Inference optimization of Large Language Models on RISC-V HPC platforms

Javier Jesus Poveda Rodrigo

Inference optimization of Large Language Models on RISC-V HPC platforms.

Rel. Daniele Jahier Pagliari, Mohamed Amine Hamdi, Alessio Burrello. Politecnico di Torino, Corso di laurea magistrale in Ingegneria Informatica (Computer Engineering), 2024

Preview

PDF (Tesi_di_laurea) - Tesi
Licenza: Creative Commons Attribution Non-commercial No Derivatives.
Download (9MB) | Preview

Abstract

Over the past decade, there have been significant improvements in Artificial Intelligence (AI), particularly in the area of natural language processing (NLP), thanks to the emergence of Transformers and, more in general, of Large Language Models (LLMs).
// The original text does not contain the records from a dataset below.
(* Let $\Gamma$ be a connected directed graph of bounded degree and let $\nu$ be a quasi-cocycle on $\Gamma$ with constants $\Delta>0$, $\eta>0$. Suppose that for every arrow of $\Gamma$ starting at a vertex $v$ and ending at a vertex $u$ we have $\nu(v,u)>2\eta$. Then every (finite or infinite) directed path in $\Gamma$ is a $((\Delta+\eta)/\eta,1)$-quasi-geodesic.
   Context: Distances between vertices of a connected graph are combinatorial (the least number of edges in a connecting path). A function $\nu$ on pairs of vertices of a bounded degree graph $\Gamma$ is a quasi-cocycle with constants $\Delta>0$, $\eta>0$ if $|\nu(v_1,v_2)|\le\Delta$ for all adjacent vertices $v_1,v_2$ and $\nu(v_1,v_2)+\nu(v_2,v_3)-\eta\le\nu(v_1,v_3)\le\nu(v_1,v_2)+\nu(v_2,v_3)+\eta$ for all vertices $v_1,v_2,v_3$. A sequence of points $t_0,t_1,\ldots$ (finite or infinite) of a metric space is a $(\Lambda,\Delta')$-quasi-geodesic if $|t_i-t_{i+1}|\le\Delta'$ and $|i-j|\le\Lambda\cdot|t_i-t_j|$ for all indices $i,j$. A directed path is a sequence of vertices $x_1,x_2,\ldots$ such that each $(x_i,x_{i+1})$ is an arrow. *)

From Stdlib Require Import Reals Lra Lia List ClassicalEpsilon.
Open Scope R_scope.

Definition adj {V : Type} (arr : V -> V -> Prop) (u v : V) : Prop :=
  arr u v \/ arr v u.

Inductive walk {V : Type} (arr : V -> V -> Prop) : V -> V -> nat -> Prop :=
| walk_nil : forall v, walk arr v v 0
| walk_cons : forall u w v n, adj arr u w -> walk arr w v n -> walk arr u v (S n).

Definition connected {V : Type} (arr : V -> V -> Prop) : Prop :=
  forall u v : V, exists n, walk arr u v n.

Definition bounded_degree {V : Type} (arr : V -> V -> Prop) : Prop :=
  exists D : nat, forall v : V,
    exists l : list V, (length l <= D)%nat /\ forall u, adj arr v u -> In u l.

Definition is_dist {V : Type} (arr : V -> V -> Prop) (u v : V) (n : nat) : Prop :=
  walk arr u v n /\ forall m, walk arr u v m -> (n <= m)%nat.

(* The combinatorial distance (meaningful when the graph is connected). *)
Definition gdist {V : Type} (arr : V -> V -> Prop) (u v : V) : nat :=
  epsilon (inhabits 0%nat) (fun n => is_dist arr u v n).

Definition quasi_cocycle {V : Type} (arr : V -> V -> Prop) (nu : V -> V -> R)
    (Delta eta : R) : Prop :=
  (forall v1 v2, adj arr v1 v2 -> Rabs (nu v1 v2) <= Delta) /\
  (forall v1 v2 v3,
      nu v1 v2 + nu v2 v3 - eta <= nu v1 v3 /\
      nu v1 v3 <= nu v1 v2 + nu v2 v3 + eta).

(* A (finite or infinite) sequence: t : nat -> V with index domain
   {0,...,N} if len = Some N, and all of nat if len = None. *)
Definition in_dom (len : option nat) (i : nat) : Prop :=
  match len with
  | None => True
  | Some N => (i <= N)%nat
  end.

Definition directed_path {V : Type} (arr : V -> V -> Prop)
    (t : nat -> V) (len : option nat) : Prop :=
  forall i, in_dom len (S i) -> arr (t i) (t (S i)).

Definition quasi_geodesic {V : Type} (arr : V -> V -> Prop)
    (Lambda Delta' : R) (t : nat -> V) (len : option nat) : Prop :=
  (forall i, in_dom len (S i) -> INR (gdist arr (t i) (t (S i))) <= Delta') /\
  (forall i j, in_dom len i -> in_dom len j ->
     Rabs (INR i - INR j) <= Lambda * INR (gdist arr (t i) (t j))).

(* Along a directed path the quasi-cocycle grows by at least [eta] per arrow:
   by the lower quasi-triangle inequality and [nu > 2 eta] on arrows,
   [nu (t i) (t j) >= (j - i + 1) eta].  Along any edge path of length [n] it
   grows by at most [Delta + eta] per edge, so [nu u v <= n (Delta + eta) + eta].
   Comparing the two bounds on a geodesic from [t i] to [t j] gives
   [(j - i) eta <= (Delta + eta) d(t i, t j)]. *)
From Stdlib Require Import Reals Lra Lia Classical ClassicalEpsilon.
Open Scope R_scope.

Section Walks.

Variables (V : Type) (arr : V -> V -> Prop).

Lemma adj_sym u v : adj arr u v -> adj arr v u.
Proof. unfold adj; tauto. Qed.

Lemma walk_snoc u v w n : walk arr u v n -> adj arr v w -> walk arr u w (S n).
Proof.
  induction 1 as [v | u x v n Hux _ IH]; intros Hvw.
  - apply walk_cons with w; [exact Hvw | constructor].
  - apply walk_cons with x; auto.
Qed.

Lemma walk_rev u v n : walk arr u v n -> walk arr v u n.
Proof.
  induction 1 as [v | u x v n Hux _ IH].
  - constructor.
  - apply walk_snoc with x; [exact IH | exact (adj_sym _ _ Hux)].
Qed.

Lemma walk_arr u v : arr u v -> walk arr u v 1.
Proof. intros Huv. apply walk_cons with v; [left; exact Huv | constructor]. Qed.

Lemma is_dist_exists u v n : walk arr u v n -> exists m, is_dist arr u v m.
Proof.
  induction n as [n IH] using (well_founded_induction Wf_nat.lt_wf); intros Hw.
  destruct (classic (exists m, (m < n)%nat /\ walk arr u v m))
    as [[m [Hmn Hm]] | Hnone].
  - exact (IH m Hmn Hm).
  - exists n. split; [exact Hw |].
    intros m Hm. destruct (Nat.le_gt_cases n m) as [Hnm | Hmn]; [exact Hnm |].
    exfalso. apply Hnone. now exists m.
Qed.

Lemma gdist_spec u v n : walk arr u v n -> is_dist arr u v (gdist arr u v).
Proof.
  intros Hw. unfold gdist. apply epsilon_spec. exact (is_dist_exists _ _ _ Hw).
Qed.

Lemma gdist_walk u v n : walk arr u v n -> walk arr u v (gdist arr u v).
Proof. intros Hw. exact (proj1 (gdist_spec _ _ _ Hw)). Qed.

Lemma gdist_le_walk u v n : walk arr u v n -> (gdist arr u v <= n)%nat.
Proof. intros Hw. exact (proj2 (gdist_spec _ _ _ Hw) n Hw). Qed.

Lemma gdist_sym u v : connected arr -> gdist arr u v = gdist arr v u.
Proof.
  intros Hconn. destruct (Hconn u v) as [n Hw].
  pose proof (gdist_walk _ _ _ Hw) as Huv.
  pose proof (gdist_walk _ _ _ (walk_rev _ _ _ Hw)) as Hvu.
  apply Nat.le_antisymm; apply gdist_le_walk; apply walk_rev; assumption.
Qed.

End Walks.

Section QuasiCocycle.

Variables (V : Type) (arr : V -> V -> Prop) (nu : V -> V -> R) (Delta eta : R).
Hypothesis Hnu : quasi_cocycle arr nu Delta eta.

Lemma quasi_cocycle_walk_le u v n :
  walk arr u v n -> nu u v <= INR n * (Delta + eta) + eta.
Proof.
  destruct Hnu as [Hbound Htri].
  induction 1 as [v | u w v n Huw _ IH].
  - destruct (Htri v v v). simpl. lra.
  - destruct (Htri u w v). pose proof (Rle_abs (nu u w)).
    pose proof (Hbound _ _ Huw). rewrite S_INR. lra.
Qed.

Variables (t : nat -> V) (len : option nat).
Hypothesis Hpos : forall v u, arr v u -> nu v u > 2 * eta.
Hypothesis Hpath : directed_path arr t len.

Lemma in_dom_le a b : in_dom len a -> (b <= a)%nat -> in_dom len b.
Proof. destruct len; simpl; auto; lia. Qed.

Lemma quasi_cocycle_directed_path_ge i k :
  in_dom len (i + S k) -> INR (S k) * eta + eta <= nu (t i) (t (i + S k)%nat).
Proof.
  destruct Hnu as [_ Htri].
  induction k as [| k IH]; intros Hdom.
  - rewrite Nat.add_1_r in *. pose proof (Hpos _ _ (Hpath i Hdom)). simpl. lra.
  - replace (i + S (S k))%nat with (S (i + S k)) in * by lia.
    pose proof (IH (in_dom_le _ _ Hdom (Nat.le_succ_diag_r _))).
    pose proof (Hpos _ _ (Hpath _ Hdom)).
    destruct (Htri (t i) (t (i + S k)%nat) (t (S (i + S k)))).
    rewrite (S_INR (S k)). lra.
Qed.

Lemma directed_path_index_gap i j n :
  (i < j)%nat -> in_dom len j -> walk arr (t i) (t j) n ->
  (INR j - INR i) * eta <= INR n * (Delta + eta).
Proof.
  intros Hij Hdom Hw.
  replace j with (i + S (j - S i))%nat in * by lia.
  pose proof (quasi_cocycle_directed_path_ge i (j - S i) Hdom).
  pose proof (quasi_cocycle_walk_le _ _ _ Hw).
  rewrite plus_INR. lra.
Qed.

End QuasiCocycle.

Theorem lemma1p2p14 (V : Type) (arr : V -> V -> Prop) (nu : V -> V -> R)
    (Delta eta : R) :
  connected arr ->
  bounded_degree arr ->
  0 < Delta -> 0 < eta ->
  quasi_cocycle arr nu Delta eta ->
  (forall v u, arr v u -> nu v u > 2 * eta) ->
  forall (t : nat -> V) (len : option nat),
    directed_path arr t len ->
    quasi_geodesic arr ((Delta + eta) / eta) 1 t len.
Proof.
  intros Hconn _ HDelta Heta Hnu Hpos t len Hpath. split.
  - intros i Hi.
    pose proof (gdist_le_walk _ _ _ _ _ (walk_arr _ _ _ _ (Hpath i Hi))) as Hle.
    apply le_INR in Hle. simpl in Hle. exact Hle.
  - assert (Hgap : forall i j, (i < j)%nat -> in_dom len j ->
              INR j - INR i <= (Delta + eta) / eta * INR (gdist arr (t i) (t j))).
    { intros i j Hij Hj. destruct (Hconn (t i) (t j)) as [n Hw].
      pose proof (directed_path_index_gap _ _ _ _ _ Hnu _ _ Hpos Hpath
                    _ _ _ Hij Hj (gdist_walk _ _ _ _ _ Hw)).
      unfold Rdiv. rewrite Rmult_assoc, (Rmult_comm (/ eta)), <- Rmult_assoc.
      apply Rmult_le_reg_r with eta; [exact Heta |].
      rewrite Rmult_assoc, Rinv_l by lra. lra. }
    intros i j Hi Hj.
    assert (0 <= (Delta + eta) / eta * INR (gdist arr (t i) (t j))).
    { apply Rmult_le_pos; [apply Rlt_le, Rdiv_lt_0_compat; lra | apply pos_INR]. }
    destruct (Nat.lt_total i j) as [Hij | [-> | Hij]].
    + pose proof (Hgap i j Hij Hj). apply lt_INR in Hij.
      rewrite Rabs_left by lra. lra.
    + rewrite Rminus_diag, Rabs_R0. lra.
    + pose proof (Hgap j i Hij Hi). rewrite (gdist_sym _ _ (t i)) in * by exact Hconn.
      apply lt_INR in Hij. rewrite Rabs_right by lra. lra.
Qed.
These models have enabled numerous deep-learning applications such as translation, text generation, image generation, and many others. However, these transformer-based models present new challenges because of their computationally intensive attention mechanisms and extremely high memory footprint. Even though these types of workloads are typically offloaded to GPUs, there are applications and use cases that require CPU as the workhorse because of its reduced cost and greater flexibility.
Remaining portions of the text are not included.